### EXTRACTED DATA ###
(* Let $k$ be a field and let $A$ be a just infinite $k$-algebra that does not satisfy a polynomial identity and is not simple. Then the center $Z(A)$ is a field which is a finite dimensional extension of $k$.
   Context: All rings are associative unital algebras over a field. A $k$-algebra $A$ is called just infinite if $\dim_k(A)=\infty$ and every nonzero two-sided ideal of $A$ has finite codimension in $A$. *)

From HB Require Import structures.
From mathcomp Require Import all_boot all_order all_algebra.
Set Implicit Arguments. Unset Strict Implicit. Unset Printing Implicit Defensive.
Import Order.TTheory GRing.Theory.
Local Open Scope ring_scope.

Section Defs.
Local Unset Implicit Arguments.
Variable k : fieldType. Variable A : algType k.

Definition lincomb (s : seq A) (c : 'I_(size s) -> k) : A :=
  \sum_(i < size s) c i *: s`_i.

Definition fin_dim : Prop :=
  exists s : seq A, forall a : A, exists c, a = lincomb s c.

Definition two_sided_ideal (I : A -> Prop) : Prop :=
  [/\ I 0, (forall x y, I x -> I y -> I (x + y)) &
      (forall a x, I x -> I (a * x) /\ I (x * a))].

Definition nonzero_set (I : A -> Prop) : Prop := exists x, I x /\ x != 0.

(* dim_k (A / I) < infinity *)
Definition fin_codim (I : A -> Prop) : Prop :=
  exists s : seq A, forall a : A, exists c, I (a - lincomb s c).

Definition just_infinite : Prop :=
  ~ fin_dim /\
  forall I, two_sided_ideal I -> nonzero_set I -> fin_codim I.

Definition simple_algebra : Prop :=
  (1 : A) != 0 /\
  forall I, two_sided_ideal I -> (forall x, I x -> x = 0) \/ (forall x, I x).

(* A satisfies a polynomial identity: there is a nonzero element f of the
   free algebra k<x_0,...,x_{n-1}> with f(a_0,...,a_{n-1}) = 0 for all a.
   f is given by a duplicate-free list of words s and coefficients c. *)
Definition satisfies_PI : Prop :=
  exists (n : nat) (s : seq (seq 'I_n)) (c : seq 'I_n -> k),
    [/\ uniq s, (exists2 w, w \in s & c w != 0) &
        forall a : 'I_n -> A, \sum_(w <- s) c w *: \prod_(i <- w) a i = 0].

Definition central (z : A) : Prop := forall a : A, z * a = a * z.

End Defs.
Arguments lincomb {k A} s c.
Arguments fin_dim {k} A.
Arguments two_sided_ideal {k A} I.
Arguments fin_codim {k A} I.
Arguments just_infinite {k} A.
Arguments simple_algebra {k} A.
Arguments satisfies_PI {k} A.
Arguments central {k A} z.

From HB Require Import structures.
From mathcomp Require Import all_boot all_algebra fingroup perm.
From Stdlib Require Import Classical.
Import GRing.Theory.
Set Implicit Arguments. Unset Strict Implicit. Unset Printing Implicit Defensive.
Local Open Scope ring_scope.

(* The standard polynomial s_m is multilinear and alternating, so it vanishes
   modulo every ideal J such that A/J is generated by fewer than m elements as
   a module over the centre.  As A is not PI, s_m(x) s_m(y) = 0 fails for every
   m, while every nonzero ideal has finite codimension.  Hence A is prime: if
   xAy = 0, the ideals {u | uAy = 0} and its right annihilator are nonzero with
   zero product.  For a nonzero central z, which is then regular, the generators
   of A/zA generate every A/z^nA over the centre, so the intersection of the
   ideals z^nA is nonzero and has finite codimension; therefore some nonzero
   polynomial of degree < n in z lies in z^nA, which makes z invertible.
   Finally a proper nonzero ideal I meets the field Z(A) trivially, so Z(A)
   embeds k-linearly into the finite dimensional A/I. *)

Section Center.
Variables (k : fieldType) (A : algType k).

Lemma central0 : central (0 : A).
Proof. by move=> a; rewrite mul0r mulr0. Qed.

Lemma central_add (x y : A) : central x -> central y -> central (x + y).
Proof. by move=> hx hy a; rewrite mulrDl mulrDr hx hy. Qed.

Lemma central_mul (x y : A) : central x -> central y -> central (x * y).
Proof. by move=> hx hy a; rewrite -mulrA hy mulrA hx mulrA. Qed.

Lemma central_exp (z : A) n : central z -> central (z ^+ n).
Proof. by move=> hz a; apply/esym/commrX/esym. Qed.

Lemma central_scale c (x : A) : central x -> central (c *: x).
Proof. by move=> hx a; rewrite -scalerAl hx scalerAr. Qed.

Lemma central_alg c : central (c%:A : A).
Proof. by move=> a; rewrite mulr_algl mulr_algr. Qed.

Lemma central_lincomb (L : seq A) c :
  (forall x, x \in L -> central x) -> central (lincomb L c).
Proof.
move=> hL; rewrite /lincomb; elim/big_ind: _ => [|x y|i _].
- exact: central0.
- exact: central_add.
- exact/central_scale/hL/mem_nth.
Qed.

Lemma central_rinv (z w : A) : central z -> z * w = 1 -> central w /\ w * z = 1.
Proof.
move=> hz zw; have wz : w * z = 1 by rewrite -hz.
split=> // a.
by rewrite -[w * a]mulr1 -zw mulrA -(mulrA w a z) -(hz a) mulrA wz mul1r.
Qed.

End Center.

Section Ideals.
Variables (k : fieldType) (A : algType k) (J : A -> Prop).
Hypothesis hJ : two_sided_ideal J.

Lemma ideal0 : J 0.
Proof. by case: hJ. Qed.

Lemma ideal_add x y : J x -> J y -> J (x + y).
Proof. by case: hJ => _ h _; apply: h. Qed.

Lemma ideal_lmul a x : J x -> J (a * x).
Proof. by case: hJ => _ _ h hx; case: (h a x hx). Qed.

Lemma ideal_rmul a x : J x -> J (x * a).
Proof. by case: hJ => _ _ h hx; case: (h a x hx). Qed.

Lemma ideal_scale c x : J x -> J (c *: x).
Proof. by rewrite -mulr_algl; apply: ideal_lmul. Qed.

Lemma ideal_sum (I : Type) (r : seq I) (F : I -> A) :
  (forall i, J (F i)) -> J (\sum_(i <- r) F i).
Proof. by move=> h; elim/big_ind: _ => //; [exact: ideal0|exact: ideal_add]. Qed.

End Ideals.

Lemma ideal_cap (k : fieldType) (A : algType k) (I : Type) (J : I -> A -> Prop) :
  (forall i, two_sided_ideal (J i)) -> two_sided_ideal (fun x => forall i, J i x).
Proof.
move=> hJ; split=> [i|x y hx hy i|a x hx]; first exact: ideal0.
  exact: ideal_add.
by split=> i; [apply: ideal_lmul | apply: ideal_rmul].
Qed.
###
*ACTIVITY:*
Stopping at the line containing "From mathcomp Require Import all_boot all_order", please repeat exactly every line from the very start of the entries, that line included, and nothing more.

*ANSWER SECTION:*
(* Let $k$ be a field and let $A$ be a just infinite $k$-algebra that does not satisfy a polynomial identity and is not simple. Then the center $Z(A)$ is a field which is a finite dimensional extension of $k$.
   Context: All rings are associative unital algebras over a field. A $k$-algebra $A$ is called just infinite if $\dim_k(A)=\infty$ and every nonzero two-sided ideal of $A$ has finite codimension in $A$. *)

From HB Require Import structures.
From mathcomp Require Import all_boot all_order all_algebra.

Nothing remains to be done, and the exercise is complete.